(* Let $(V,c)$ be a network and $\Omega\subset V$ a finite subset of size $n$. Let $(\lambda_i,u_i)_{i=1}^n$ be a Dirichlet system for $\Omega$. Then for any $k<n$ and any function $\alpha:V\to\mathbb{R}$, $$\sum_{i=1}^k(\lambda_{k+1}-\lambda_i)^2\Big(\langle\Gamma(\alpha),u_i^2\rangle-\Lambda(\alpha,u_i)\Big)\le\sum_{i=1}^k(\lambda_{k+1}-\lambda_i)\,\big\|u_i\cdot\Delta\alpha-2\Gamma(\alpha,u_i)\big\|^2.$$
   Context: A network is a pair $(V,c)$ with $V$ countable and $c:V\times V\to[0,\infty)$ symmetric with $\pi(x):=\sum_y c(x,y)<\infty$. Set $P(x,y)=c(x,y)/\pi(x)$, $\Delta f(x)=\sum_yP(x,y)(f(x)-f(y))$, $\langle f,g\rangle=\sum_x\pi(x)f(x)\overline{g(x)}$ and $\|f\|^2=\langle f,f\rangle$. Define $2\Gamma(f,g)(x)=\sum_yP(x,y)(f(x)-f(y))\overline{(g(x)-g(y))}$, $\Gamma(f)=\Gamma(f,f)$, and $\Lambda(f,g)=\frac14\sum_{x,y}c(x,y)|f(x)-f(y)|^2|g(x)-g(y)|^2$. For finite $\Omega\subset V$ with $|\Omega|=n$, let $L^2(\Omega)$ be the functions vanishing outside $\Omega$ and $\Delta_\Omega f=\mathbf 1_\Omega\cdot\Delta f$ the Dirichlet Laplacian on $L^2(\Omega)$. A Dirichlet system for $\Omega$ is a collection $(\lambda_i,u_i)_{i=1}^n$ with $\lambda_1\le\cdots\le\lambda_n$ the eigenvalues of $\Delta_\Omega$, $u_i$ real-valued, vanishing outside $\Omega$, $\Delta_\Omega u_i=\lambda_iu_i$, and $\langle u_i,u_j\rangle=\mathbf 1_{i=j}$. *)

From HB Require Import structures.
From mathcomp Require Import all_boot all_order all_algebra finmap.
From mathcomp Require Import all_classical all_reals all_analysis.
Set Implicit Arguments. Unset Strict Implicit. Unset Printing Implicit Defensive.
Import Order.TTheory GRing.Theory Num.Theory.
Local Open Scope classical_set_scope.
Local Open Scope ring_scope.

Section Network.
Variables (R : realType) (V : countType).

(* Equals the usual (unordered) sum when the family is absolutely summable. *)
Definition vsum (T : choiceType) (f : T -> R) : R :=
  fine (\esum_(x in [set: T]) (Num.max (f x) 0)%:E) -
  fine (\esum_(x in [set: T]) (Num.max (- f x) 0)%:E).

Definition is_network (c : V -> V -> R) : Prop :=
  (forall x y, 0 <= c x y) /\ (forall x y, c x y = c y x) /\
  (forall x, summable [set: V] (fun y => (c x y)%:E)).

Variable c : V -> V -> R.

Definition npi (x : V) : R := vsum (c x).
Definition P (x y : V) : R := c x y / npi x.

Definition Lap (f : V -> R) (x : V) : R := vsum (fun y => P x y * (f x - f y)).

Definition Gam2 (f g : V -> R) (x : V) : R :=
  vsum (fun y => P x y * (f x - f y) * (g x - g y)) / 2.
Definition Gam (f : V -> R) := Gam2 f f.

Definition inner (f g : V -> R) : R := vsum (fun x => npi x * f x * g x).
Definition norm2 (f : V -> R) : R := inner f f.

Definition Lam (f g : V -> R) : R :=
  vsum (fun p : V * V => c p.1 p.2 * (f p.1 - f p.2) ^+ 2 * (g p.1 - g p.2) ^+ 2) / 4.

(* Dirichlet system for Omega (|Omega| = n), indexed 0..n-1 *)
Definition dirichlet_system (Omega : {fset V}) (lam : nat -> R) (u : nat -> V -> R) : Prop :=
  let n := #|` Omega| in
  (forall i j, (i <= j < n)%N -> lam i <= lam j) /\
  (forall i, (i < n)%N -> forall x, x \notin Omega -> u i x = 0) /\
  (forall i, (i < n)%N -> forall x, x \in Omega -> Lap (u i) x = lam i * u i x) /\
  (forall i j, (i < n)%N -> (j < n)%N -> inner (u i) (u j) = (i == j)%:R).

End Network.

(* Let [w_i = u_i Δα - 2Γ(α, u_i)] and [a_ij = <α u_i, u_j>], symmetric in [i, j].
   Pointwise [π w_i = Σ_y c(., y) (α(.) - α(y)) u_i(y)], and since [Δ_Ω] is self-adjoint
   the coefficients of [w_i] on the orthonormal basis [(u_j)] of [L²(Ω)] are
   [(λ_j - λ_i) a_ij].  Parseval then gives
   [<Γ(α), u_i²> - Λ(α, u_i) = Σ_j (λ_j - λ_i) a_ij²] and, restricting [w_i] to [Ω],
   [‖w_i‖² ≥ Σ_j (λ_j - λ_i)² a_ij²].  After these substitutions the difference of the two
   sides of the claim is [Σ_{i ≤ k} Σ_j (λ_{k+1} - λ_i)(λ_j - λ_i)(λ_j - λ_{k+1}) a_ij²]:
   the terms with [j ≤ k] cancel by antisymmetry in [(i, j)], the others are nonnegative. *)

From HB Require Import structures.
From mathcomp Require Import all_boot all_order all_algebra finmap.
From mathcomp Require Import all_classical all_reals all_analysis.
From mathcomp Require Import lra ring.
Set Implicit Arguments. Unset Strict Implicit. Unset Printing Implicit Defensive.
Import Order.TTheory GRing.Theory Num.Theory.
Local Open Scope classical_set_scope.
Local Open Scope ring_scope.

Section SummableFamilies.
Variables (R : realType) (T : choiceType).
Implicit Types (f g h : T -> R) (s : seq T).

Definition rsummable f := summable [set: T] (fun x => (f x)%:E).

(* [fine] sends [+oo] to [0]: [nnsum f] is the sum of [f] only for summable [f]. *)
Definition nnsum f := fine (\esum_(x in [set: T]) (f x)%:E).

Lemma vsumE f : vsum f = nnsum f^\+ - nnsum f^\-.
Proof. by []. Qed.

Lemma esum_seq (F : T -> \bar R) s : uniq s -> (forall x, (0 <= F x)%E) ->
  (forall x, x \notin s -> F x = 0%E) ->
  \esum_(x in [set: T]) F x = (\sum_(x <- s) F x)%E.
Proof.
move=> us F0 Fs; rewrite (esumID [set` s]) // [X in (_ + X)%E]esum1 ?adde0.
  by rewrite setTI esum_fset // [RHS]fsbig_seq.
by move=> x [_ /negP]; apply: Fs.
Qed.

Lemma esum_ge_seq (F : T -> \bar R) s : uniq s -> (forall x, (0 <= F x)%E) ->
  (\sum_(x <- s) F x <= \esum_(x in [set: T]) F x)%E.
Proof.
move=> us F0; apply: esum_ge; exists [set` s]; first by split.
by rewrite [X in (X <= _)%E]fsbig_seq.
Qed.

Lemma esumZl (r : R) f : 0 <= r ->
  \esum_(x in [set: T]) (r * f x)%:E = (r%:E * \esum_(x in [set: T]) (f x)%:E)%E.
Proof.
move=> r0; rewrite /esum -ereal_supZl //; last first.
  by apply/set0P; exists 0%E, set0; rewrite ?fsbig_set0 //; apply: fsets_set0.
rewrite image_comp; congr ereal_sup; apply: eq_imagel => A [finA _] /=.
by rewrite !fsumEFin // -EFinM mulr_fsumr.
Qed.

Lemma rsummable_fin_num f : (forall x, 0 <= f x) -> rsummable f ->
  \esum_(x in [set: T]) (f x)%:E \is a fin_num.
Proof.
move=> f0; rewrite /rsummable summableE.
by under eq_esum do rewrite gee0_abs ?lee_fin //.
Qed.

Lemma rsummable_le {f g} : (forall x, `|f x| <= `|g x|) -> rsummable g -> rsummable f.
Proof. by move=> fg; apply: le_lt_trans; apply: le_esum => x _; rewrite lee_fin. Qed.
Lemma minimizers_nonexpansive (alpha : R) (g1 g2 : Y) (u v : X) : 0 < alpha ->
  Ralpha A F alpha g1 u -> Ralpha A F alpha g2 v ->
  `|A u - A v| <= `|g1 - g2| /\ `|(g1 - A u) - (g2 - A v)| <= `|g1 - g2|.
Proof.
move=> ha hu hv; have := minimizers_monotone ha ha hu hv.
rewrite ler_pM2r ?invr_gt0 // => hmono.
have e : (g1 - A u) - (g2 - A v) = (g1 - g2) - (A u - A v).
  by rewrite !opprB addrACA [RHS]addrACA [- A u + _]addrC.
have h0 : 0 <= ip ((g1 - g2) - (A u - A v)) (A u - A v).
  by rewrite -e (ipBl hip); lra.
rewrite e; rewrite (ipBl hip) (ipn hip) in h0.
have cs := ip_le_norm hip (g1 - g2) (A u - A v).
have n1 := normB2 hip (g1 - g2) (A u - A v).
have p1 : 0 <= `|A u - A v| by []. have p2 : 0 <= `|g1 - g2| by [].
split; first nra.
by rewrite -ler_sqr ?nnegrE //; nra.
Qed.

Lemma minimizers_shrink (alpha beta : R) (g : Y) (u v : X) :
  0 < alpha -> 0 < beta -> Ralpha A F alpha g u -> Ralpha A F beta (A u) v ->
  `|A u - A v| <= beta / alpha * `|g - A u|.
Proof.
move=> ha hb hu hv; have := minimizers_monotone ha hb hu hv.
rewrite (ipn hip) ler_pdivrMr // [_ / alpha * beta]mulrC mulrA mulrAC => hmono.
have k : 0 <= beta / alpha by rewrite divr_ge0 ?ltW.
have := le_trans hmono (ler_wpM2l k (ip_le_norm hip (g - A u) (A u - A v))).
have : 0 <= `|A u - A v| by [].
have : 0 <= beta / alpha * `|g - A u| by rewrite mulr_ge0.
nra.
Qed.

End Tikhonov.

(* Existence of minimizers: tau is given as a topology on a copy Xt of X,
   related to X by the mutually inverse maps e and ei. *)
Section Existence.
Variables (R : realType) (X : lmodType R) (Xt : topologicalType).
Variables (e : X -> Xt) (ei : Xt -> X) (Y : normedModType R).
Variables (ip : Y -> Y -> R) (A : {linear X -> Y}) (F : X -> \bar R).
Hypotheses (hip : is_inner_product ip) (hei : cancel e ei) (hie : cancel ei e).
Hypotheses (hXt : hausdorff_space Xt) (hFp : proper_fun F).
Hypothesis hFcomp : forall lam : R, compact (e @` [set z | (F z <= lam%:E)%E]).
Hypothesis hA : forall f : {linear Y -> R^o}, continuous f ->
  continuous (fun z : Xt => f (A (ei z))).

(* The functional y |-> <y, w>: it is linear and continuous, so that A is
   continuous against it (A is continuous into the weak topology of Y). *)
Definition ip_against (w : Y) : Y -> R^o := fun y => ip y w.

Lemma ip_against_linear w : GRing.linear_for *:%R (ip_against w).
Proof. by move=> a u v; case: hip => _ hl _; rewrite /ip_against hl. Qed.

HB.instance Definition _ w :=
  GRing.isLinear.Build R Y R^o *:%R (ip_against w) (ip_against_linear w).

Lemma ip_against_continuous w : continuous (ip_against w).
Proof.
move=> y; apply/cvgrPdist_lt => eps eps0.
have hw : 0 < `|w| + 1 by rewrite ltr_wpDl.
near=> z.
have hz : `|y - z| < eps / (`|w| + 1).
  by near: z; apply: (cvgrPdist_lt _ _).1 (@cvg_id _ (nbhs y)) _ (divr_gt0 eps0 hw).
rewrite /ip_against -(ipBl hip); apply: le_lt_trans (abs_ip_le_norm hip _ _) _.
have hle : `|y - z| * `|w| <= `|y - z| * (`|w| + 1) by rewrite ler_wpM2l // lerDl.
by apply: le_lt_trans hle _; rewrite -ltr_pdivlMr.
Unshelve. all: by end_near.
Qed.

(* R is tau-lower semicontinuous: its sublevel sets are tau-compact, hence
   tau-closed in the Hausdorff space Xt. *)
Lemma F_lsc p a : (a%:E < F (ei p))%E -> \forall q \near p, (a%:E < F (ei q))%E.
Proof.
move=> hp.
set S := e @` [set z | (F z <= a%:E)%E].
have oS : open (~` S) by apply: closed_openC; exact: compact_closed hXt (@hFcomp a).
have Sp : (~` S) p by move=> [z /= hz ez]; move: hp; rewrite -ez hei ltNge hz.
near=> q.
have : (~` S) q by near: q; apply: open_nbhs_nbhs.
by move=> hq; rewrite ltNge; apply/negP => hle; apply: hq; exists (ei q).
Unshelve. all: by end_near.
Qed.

AIM OF THE TASK: Your task is to write out, exactly, the line that contains "q; apply: open_nbhs_nbhs." and each line after it to the end of the data, with no other lines.

WRITTEN ANSWER:
have : (~` S) q by near: q; apply: open_nbhs_nbhs.
by move=> hq; rewrite ltNge; apply/negP => hle; apply: hq; exists (ei q).
Unshelve. all: by end_near.
Qed.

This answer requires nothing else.